Тут Глинка вспоминает, что давно пропущен им срок приема целительной микстуры.

– Яков! – кричит он, – Яков!

Ответа нет. Глинка выжидает некоторое время, потом опускается на подушку. Воображение опять работает с лихорадочной быстротой. Когда же дядька явился, Глинка поразил его монологом:

…Мириться лучше со знакомым злом,

Чем бегством к незнакомому стремиться.

Так всех нас в трусов превращает мысль…

– Опять вы за старое, Михаил Иванович! – укорил Яков. – А доктор сказывает, будто на поправку идете.

– А ну-ка, – перебивает больной, – отвечай немедля: чьи это слова?

– Известно, чьи, – уклончиво отвечает Яков. – Всю болезнь бредите.

– Не виляй, старая лиса, говори толкам!

– Ну, принцевы слова, – негодует Яков. – Да что вы в самом деле, Михаил Иванович! На старости лет и то покою от вас нет. Не хуже вас знаем. Чай, тоже наслушались…

– Ну, то-то! – довольный, подтверждает Глинка. – Дай-ка мне микстуры да перемени примочку, мой верный Полоний!

Дядька безнадежно машет рукой, потом исполняет приказание. Глинка лежит с новой повязкой на глазах.

А знакомый голос Гамлета настойчиво повторяет:

Мириться лучше со знакомым злом…

– Нет, и тысячу раз нет! – прерывает монолог героя сочинитель оперы и даже садится на постели.

Страшно даже минутное примирение со знакомым злом. Гамлетова речь может стать разрушительным ядом для людей безвременья. Рефлексия не излечит безвольных…

Идут дни, но музыкант не повторяет больше вопроса, «быть или не быть». Опере о принце Датском не суждено родиться. Все, что случилось в древнем замке Эльсинор или привиделось гению Шекспира, снова отступает вглубь веков.

А за стеной слышится знакомый голос, и Глинка приветствует Одоевского.

– Наконец-то навестили болящего, Владимир Федорович!

– Да я только вчера вернулся в город. Что за напасть на вас, Михаил Иванович?

Глинка показал на опущенные шторы, на повязку на глазах.

– Вот, терплю ковы Черномора, – сказал он, – и нет для меня Руслана, или медлит витязь явиться.

Одоевский ощупью нашел кресло у стола. Весь стол был уставлен лекарствами. Сам хозяин едва был видим во мраке. Ковы Черномора действовали со всей наглядностью.

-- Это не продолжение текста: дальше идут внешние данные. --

Lemma lagrangian_unfold a lam gam x s : Lambda pi beta lam ->
  L a lam gam x s = lag_flow a lam gam x [:: s] + beta * \sum_(s' : S) pi s s' *
    L (plan_tail s a) (mult_tail s (a [:: s]) lam) gam (zeta x (a [:: s]) s) s'.
Proof.
move=> lamL; have tailL := Lambda_mult_tail pi_pos beta_gt0 s (a [:: s]) lamL.
rewrite lagrangianE /rsum; have [_ ->] := cvg_series_head (@is_cvg_lagrangian a lam gam x s lamL).
congr (_ + _); first by rewrite /lag_term /= big_seq1 expr0 !mul1r.
under [X in series X]funext do rewrite lag_term_succ.
have cvg_s' s' := cvg_seriesZ (pi s s')
  (@is_cvg_lagrangian (plan_tail s a) _ gam (zeta x (a [:: s]) s) s' tailL).
have [cvg_sum lim_sum] := cvg_series_big (index_enum S) (fun s' => (cvg_s' s').1).
have [_ ->] := cvg_seriesZ beta cvg_sum; rewrite lim_sum; congr (_ * _).
by apply: eq_bigr => s' _; rewrite (cvg_s' s').2.
Qed.

Lemma lag_term_shift_gamma a lam gam l0 x s t :
  lag_term a lam (fun i => gam i + l0 i) x s t =
  lag_term a lam gam x s t + \sum_(i < I) l0 i * contval_term pi zeta beta (g i) a x s [::] t.
Proof.
have flow_split c : lag_flow a lam (fun i => gam i + l0 i) x (s :: c) =
    lag_flow a lam gam x (s :: c) + \sum_(i < I) l0 i * fl (g i) a x (s :: c).
  by rewrite /lag_flow; under eq_bigr do rewrite mulrDl; rewrite big_split /=; ring.
rewrite /lag_term /contval_term; under eq_bigr do rewrite flow_split mulrDr.
rewrite big_split /= mulrDr; congr (_ + _).
rewrite mulr_sumr; under eq_bigr do rewrite !mulr_sumr.
rewrite exchange_big /=; apply: eq_bigr => i _.
by rewrite !mulr_sumr; apply: eq_bigr => c _ /=; ring.
Qed.

Lemma lagrangian_shift_gamma a lam gam l0 x s : Lambda pi beta lam ->
  L a lam (fun i => gam i + l0 i) x s = L a lam gam x s + \sum_(i < I) l0 i * cv (g i) a x [:: s].
Proof.
move=> lamL; have cvg_g i := cvg_seriesZ (l0 i) (@is_cvg_contval _ _ _ _ pi zeta beta pi_pos pi_sum
  beta_gt0 beta_lt1 _ _ (g_bound i) a x s [::]).
have [cvg_sum lim_sum] := cvg_series_big (index_enum 'I_I) (fun i => (cvg_g i).1).
rewrite !lagrangianE /rsum.
have -> : lag_term a lam (fun i => gam i + l0 i) x s = lag_term a lam gam x s +
    (fun t => \sum_(i < I) l0 i * contval_term pi zeta beta (g i) a x s [::] t).
  by apply/funext => t; rewrite lag_term_shift_gamma.
rewrite lim_seriesD //; last exact: is_cvg_lagrangian lamL.
by rewrite lim_sum; congr (_ + _); apply: eq_bigr => i _; rewrite (cvg_g i).2.
Qed.

Lemma lag_flow_root a lam gam x s :
  lag_flow a lam gam x [:: s] =
  r x (a [:: s]) s + \sum_(i < I) (gam i * g i x (a [:: s]) s +
      lam [:: s] [::] i * (g i x (a [:: s]) s - gbar i)) +
  beta * \sum_(s' : S) pi s s' * \sum_(i < I)
    lam [:: s] [::] i * cv (g i) (plan_tail s a) (zeta x (a [:: s]) s) [:: s'].
Proof.
have cv_rec i := @contval_recursion _ _ _ _ pi zeta beta pi_pos pi_sum beta_gt0 beta_lt1
  _ _ (g_bound i) a x s.
rewrite /lag_flow -addrA [in RHS]big_split -!addrA; congr (_ + (_ + _)).
set CV := fun i s' => cv (g i) (plan_tail s a) (zeta x (a [:: s]) s) [:: s'].
transitivity (\sum_(i < I) (lam [:: s] [::] i * (g i x (a [:: s]) s - gbar i) +
    beta * \sum_(s' : S) pi s s' * (lam [:: s] [::] i * CV i s'))).
  apply: eq_bigr => i _; rewrite cv_rec -/(CV i _).
  under [X in _ = _ + _ * X]eq_bigr do rewrite mulrCA.
  by rewrite -mulr_sumr; ring.
rewrite big_split /= -mulr_sumr exchange_big /=; congr (_ + _ * _).
by apply: eq_bigr => s' _; rewrite mulr_sumr.
Qed.

Lemma lagrangian_recursion a lam gam x s : Lambda pi beta lam ->
  L a lam gam x s =
  r x (a [:: s]) s + \sum_(i < I) (gam i * g i x (a [:: s]) s +
      lam [:: s] [::] i * (g i x (a [:: s]) s - gbar i)) +
  beta * \sum_(s' : S) pi s s' * L (plan_tail s a) (mult_tail s (a [:: s]) lam)
      (fun i => gam i + lam [:: s] [::] i) (zeta x (a [:: s]) s) s'.
Proof.
move=> lamL; have tailL := Lambda_mult_tail pi_pos beta_gt0 s (a [:: s]) lamL.
rewrite lagrangian_unfold // lag_flow_root.
under [X in _ = _ + _ * X]eq_bigr do rewrite lagrangian_shift_gamma // mulrDr.
by rewrite [X in _ = _ + _ * X]big_split /= mulrDr; ring.
Qed.

Lemma lagrangian_mult_eq a lam lam' gam x s :
  (forall c ac i, lam (s :: c) ac i = lam' (s :: c) ac i) -> L a lam gam x s = L a lam' gam x s.
Proof.
move=> lam_eq; rewrite !lagrangianE; congr rsum; apply/funext => t; rewrite /lag_term.
congr (_ * _); apply: eq_bigr => c _; congr (_ * (_ + _)).
by apply: eq_bigr => i _; rewrite lam_eq.
Qed.

Lemma lagrangian_tail_eq a b lam gam x s :
  plan_tail s a = plan_tail s b -> L a lam gam x s = L b lam gam x s.
Proof.
move=> ab_tail; rewrite !lagrangianE; congr rsum; apply/funext => t; rewrite /lag_term.
congr (_ * _); apply: eq_bigr => c _; rewrite /lag_flow.
rewrite (flow_tail_eq _ ab_tail) (acts_tail_eq ab_tail); congr (_ * (_ + _ + _)).
  by apply: eq_bigr => i _; rewrite (flow_tail_eq _ ab_tail).
by apply: eq_bigr => i _; rewrite (contval_tail_eq _ _ _ ab_tail).
Qed.

Variable p : X -> A -> S -> R.
Hypothesis feas : forall x0 s0, exists a, feasible pi zeta g gbar beta p x0 s0 a.

Local Notation D := (Dval pi zeta r g gbar beta p).

Definition dual_sup lam gam x s := ereal_sup [set (L a lam gam x s)%:E | a in admissible zeta p x].

Lemma DvalE gam x s : D gam x s = ereal_inf [set dual_sup lam gam x s | lam in Lambda pi beta].
Proof. by []. Qed.

Lemma dual_sup_ge lam gam x s : Lambda pi beta lam ->
  ((- (lag_flow_const gam / (1 - beta)))%:E <= dual_sup lam gam x s)%E.
Proof.
move=> lamL; have [af [af_adm af_feas]] := feas x s.
apply: le_trans (ereal_sup_ubound _); last by exists af.
by rewrite lee_fin; apply: lagrangian_lower => // c i; exact: af_feas.
Qed.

А Глинка вдруг приподнялся, сорвал с глаз повязку и с горячностью заговорил о пушкинской поэме:

– Есть там одна песня, которая с ума нейдет.

И он начал Русланов-монолог:

О поле, поле, кто тебя

Усеял мертвыми костями?

Чей борзый конь тебя топтал

В последний час кровавой битвы?..

– Михаил Иванович, – спросил, дождавшись окончания монолога, Одоевский, – сколько помнится, мысли ваши были заняты Гамлетом?

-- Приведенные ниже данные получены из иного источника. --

(* Let G_j be the greedy run on T_i, O = OPT_i^NS and F = f_A(O).  For x in O,
   greedy on T_i ∪ {x} never picks x, so it makes the same choices as greedy
   on T_i while x stays available: f_A(G_j ∪ {x}) <= f_A(G_(j+1)).  Adding x to
   G_j gains at least ||x̂ (I - Π_(G_j)) A||^2, x̂ the unit vector along x.  The unit
   columns of OPT satisfy a lower frame bound σ = σ_min(OPT) on span(O), so
   σ ||Π_O (I - Π_(G_j)) A||^2 <= |O| (f_A(G_(j+1)) - f_A(G_j)), and
   3 F <= 12 ||Π_O (I - Π_(G_j)) A||^2 + 4 f_A(G_j).  Hence while
   f_A(G_j) < F/2 each step gains at least σ F / (12 |O|), and k' >= 32 k / σ
   steps leave no room for f_A(G_(k')) < F/2. *)

Lemma sumr_supp (V : nmodType) (I : finType) (S : {pred I}) (F : I -> V) :
  (forall i, i \notin S -> F i = 0) -> \sum_i F i = \sum_(i in S) F i.
Proof.
by move=> F0; rewrite [RHS]big_mkcond; apply: eq_bigr => i _; case: ifPn => // /F0.
Qed.

Lemma cauchy_schwarz (R : realDomainType) (I : finType) (a b : I -> R) :
  (\sum_i a i * b i) ^+ 2 <= (\sum_i a i ^+ 2) * (\sum_i b i ^+ 2).
Proof.
set al := \sum_i a i ^+ 2; set be := \sum_i a i * b i; set ga := \sum_i b i ^+ 2.
have al_ge0 : 0 <= al by apply: sumr_ge0 => i _; rewrite sqr_ge0.
have sum_sq : \sum_i (al * b i - be * a i) ^+ 2 = al * (al * ga - be ^+ 2).
  rewrite (eq_bigr (fun i => al ^+ 2 * b i ^+ 2 - (2 * al * be) * (a i * b i)
                            + be ^+ 2 * a i ^+ 2)) => [|i _]; last by ring.
  rewrite big_split sumrB /= -!mulr_sumr -/al -/be -/ga; ring.
have : 0 <= al * (al * ga - be ^+ 2).
  by rewrite -sum_sq; apply: sumr_ge0 => i _; rewrite sqr_ge0.
have [al_gt0 | al_le0] := ltrP 0 al.
  by rewrite (pmulr_rge0 _ al_gt0) subr_ge0.
have a0 i : a i = 0.
  apply/eqP; rewrite -sqrf_eq0; move: al_le0; rewrite le_eqVlt ltNge al_ge0 orbF.
  by rewrite psumr_eq0 => [/allP/(_ i (mem_index_enum _))|j _]; rewrite ?sqr_ge0.
move=> _; rewrite /be big1 => [|i _]; last by rewrite a0 mul0r.
by rewrite expr2 mul0r mulr_ge0 // sumr_ge0 // => i _; rewrite sqr_ge0.
Qed.

Lemma mul_mx_tr_eq0 (R : realDomainType) p q (X : 'M[R]_(p, q)) :
  X *m X^T = 0 -> X = 0.
Proof.
move=> /matrixP XXt0; apply/matrixP => i j; rewrite mxE.
have /eqP := XXt0 i i; rewrite !mxE psumr_eq0 => [|k _]; last first.
  by rewrite mxE -expr2 sqr_ge0.
by move=> /allP /(_ j (mem_index_enum _)); rewrite mxE -expr2 sqrf_eq0 => /eqP.
Qed.

Lemma row_free_mul_tr_unit (R : realFieldType) p q (N : 'M[R]_(p, q)) :
  row_free N -> N *m N^T \in unitmx.
Proof.
move=> N_free; rewrite -row_free_unit -kermx_eq0.
set K := kermx _.
have : (K *m N) *m (K *m N)^T = 0.
  by rewrite trmx_mul !mulmxA -(mulmxA K) mulmx_ker mul0mx.
by move/mul_mx_tr_eq0/eqP; rewrite mulmx_free_eq0.
Qed.

Section Frobenius.
Variable R : rcfType.

Lemma frob2_ge0 p q (M : 'M[R]_(p, q)) : 0 <= frob2 M.
Proof. by apply: sumr_ge0 => i _; apply: sumr_ge0 => j _; rewrite sqr_ge0. Qed.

– Да, – откликнулся Глинка, – был я им болен, да выздоровел.

– Но Шекспир принадлежит всему человечеству и нам, русским, – возразил Одоевский. – Если вы чувствуете, что можете создать музыку Шекспировой силы, тогда заклинаю вас: не оставляйте этого замысла, ибо всегда и всюду будут говорить людям создания Шекспира.

– Точно, велик Шекспир, – согласился Глинка. – И я это вполне уразумел, когда перешел к подлиннику от французских на него карикатур. Однако нам, русским, надобно сейчас в художестве другое. Надобно художество, неотъемлемое от нашей жизни, живое о живых!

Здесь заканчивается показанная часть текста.